Start of DATA PROVIDED
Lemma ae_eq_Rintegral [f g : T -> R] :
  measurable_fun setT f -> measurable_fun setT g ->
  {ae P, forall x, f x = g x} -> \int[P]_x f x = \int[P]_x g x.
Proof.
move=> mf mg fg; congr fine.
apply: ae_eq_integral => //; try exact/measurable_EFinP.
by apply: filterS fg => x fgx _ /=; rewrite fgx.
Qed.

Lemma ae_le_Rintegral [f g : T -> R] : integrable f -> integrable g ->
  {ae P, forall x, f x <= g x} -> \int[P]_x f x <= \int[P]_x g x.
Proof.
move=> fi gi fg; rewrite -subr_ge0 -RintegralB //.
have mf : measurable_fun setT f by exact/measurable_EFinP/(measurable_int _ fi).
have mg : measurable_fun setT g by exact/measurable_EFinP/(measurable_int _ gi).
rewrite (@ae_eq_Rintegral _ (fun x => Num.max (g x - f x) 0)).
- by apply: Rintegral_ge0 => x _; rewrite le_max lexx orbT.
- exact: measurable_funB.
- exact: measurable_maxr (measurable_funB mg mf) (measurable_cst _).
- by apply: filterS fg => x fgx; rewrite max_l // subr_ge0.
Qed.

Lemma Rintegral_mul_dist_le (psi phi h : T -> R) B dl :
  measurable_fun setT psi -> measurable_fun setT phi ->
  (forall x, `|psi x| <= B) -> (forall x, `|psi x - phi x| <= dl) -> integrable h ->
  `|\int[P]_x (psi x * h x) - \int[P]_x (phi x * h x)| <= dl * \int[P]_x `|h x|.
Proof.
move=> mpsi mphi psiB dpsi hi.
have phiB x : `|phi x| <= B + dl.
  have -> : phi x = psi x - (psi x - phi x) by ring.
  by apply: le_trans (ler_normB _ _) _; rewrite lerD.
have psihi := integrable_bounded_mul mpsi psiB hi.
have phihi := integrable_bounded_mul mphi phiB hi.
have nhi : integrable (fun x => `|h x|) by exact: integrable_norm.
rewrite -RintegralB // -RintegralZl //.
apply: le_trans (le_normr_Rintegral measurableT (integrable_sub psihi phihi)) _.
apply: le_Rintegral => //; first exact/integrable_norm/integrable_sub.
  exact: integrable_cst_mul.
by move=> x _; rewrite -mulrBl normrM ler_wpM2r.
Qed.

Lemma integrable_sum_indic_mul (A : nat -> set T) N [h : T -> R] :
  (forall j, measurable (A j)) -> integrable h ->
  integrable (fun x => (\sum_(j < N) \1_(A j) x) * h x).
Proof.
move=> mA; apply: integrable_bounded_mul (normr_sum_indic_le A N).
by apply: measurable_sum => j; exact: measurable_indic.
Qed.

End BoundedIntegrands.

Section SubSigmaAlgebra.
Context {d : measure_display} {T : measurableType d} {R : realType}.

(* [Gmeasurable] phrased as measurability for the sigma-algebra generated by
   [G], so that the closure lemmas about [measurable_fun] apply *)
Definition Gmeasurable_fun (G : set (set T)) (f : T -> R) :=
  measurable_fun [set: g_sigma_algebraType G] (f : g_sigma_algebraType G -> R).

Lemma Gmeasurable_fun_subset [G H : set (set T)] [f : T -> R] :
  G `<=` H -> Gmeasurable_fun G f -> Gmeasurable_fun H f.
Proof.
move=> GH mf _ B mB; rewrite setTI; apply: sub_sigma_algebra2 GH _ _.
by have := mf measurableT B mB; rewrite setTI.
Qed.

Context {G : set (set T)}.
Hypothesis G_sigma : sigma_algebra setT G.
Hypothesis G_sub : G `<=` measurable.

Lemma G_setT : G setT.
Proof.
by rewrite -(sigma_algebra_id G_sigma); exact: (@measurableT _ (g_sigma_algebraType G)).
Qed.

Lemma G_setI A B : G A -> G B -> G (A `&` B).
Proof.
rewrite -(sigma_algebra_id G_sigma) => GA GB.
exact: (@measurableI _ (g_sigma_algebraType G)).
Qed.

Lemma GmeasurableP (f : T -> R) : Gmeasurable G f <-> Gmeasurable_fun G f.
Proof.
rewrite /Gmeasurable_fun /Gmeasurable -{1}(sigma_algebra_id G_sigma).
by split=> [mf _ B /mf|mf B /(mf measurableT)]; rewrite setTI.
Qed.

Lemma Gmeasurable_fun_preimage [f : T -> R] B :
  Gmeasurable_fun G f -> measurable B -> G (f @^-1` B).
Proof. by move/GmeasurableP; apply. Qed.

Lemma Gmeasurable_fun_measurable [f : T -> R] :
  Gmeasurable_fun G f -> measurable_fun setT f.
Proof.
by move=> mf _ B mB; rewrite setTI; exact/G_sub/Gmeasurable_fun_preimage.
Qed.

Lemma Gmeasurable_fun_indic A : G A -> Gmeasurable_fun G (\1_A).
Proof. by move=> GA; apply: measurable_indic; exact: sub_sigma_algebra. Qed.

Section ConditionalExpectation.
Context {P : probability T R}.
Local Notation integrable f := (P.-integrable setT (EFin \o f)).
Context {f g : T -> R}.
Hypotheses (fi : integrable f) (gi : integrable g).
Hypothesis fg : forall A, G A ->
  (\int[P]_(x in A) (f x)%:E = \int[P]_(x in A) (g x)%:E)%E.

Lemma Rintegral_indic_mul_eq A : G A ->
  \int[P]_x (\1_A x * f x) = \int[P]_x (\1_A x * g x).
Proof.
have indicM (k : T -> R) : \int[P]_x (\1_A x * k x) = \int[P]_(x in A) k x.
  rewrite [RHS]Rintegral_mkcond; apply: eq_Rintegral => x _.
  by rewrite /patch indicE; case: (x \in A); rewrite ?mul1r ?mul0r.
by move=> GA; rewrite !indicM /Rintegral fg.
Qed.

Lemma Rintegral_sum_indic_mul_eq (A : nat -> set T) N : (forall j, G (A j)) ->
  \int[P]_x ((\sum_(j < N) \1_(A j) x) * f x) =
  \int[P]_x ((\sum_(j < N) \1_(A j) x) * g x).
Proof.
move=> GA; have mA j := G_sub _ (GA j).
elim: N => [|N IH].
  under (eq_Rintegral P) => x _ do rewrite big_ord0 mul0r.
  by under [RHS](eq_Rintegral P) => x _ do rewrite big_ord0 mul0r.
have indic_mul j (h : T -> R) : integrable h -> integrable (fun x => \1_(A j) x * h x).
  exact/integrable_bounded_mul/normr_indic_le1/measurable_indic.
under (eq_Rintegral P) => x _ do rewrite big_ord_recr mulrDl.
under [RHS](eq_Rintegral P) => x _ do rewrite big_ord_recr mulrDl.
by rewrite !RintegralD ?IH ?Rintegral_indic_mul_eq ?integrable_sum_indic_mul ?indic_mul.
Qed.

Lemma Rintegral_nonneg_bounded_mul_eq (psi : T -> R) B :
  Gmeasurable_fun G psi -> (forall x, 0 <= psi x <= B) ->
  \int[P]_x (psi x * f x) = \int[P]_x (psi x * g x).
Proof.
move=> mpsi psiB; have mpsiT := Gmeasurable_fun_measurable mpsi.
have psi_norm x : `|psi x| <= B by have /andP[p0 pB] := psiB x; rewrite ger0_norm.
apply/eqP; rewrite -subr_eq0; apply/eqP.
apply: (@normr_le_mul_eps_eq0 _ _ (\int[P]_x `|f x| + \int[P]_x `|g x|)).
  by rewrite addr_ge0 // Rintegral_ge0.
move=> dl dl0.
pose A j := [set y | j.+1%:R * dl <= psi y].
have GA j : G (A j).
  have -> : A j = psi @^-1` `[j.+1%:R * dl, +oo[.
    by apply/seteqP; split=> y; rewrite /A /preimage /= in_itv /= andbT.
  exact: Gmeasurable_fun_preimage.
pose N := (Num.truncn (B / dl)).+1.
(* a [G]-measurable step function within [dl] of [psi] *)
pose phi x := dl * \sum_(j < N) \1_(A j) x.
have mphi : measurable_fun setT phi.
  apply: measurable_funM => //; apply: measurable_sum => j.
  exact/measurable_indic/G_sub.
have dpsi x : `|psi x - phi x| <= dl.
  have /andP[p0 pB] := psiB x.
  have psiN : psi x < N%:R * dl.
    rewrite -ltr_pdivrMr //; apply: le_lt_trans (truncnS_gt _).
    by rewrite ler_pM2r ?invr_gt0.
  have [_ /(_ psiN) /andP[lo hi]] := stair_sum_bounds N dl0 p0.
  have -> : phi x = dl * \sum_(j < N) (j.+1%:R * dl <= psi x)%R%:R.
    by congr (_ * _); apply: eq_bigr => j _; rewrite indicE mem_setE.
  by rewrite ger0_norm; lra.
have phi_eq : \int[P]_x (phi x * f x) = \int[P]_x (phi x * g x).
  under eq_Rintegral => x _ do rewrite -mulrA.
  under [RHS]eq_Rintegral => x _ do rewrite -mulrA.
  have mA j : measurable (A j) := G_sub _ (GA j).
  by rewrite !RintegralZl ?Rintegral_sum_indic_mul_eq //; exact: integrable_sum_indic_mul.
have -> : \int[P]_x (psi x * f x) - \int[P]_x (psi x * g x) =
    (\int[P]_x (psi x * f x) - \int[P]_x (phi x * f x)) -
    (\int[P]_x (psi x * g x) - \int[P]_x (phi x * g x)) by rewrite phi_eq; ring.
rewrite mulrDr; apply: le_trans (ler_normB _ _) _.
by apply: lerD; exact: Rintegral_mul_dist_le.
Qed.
End of DATA PROVIDED
→ REQUIRED ACTION: Look through the entries above and quote exactly the lines from the line with "integrable (fun x => (\sum_(j" to the line with "rewrite /Gmeasurable_fun /Gmeasurable", counting both of those lines.

→ THE ANSWER:
  integrable (fun x => (\sum_(j < N) \1_(A j) x) * h x).
Proof.
move=> mA; apply: integrable_bounded_mul (normr_sum_indic_le A N).
by apply: measurable_sum => j; exact: measurable_indic.
Qed.

End BoundedIntegrands.

Section SubSigmaAlgebra.
Context {d : measure_display} {T : measurableType d} {R : realType}.

(* [Gmeasurable] phrased as measurability for the sigma-algebra generated by
   [G], so that the closure lemmas about [measurable_fun] apply *)
Definition Gmeasurable_fun (G : set (set T)) (f : T -> R) :=
  measurable_fun [set: g_sigma_algebraType G] (f : g_sigma_algebraType G -> R).

Lemma Gmeasurable_fun_subset [G H : set (set T)] [f : T -> R] :
  G `<=` H -> Gmeasurable_fun G f -> Gmeasurable_fun H f.
Proof.
move=> GH mf _ B mB; rewrite setTI; apply: sub_sigma_algebra2 GH _ _.
by have := mf measurableT B mB; rewrite setTI.
Qed.

Context {G : set (set T)}.
Hypothesis G_sigma : sigma_algebra setT G.
Hypothesis G_sub : G `<=` measurable.

Lemma G_setT : G setT.
Proof.
by rewrite -(sigma_algebra_id G_sigma); exact: (@measurableT _ (g_sigma_algebraType G)).
Qed.

Lemma G_setI A B : G A -> G B -> G (A `&` B).
Proof.
rewrite -(sigma_algebra_id G_sigma) => GA GB.
exact: (@measurableI _ (g_sigma_algebraType G)).
Qed.

Lemma GmeasurableP (f : T -> R) : Gmeasurable G f <-> Gmeasurable_fun G f.
Proof.
rewrite /Gmeasurable_fun /Gmeasurable -{1}(sigma_algebra_id G_sigma).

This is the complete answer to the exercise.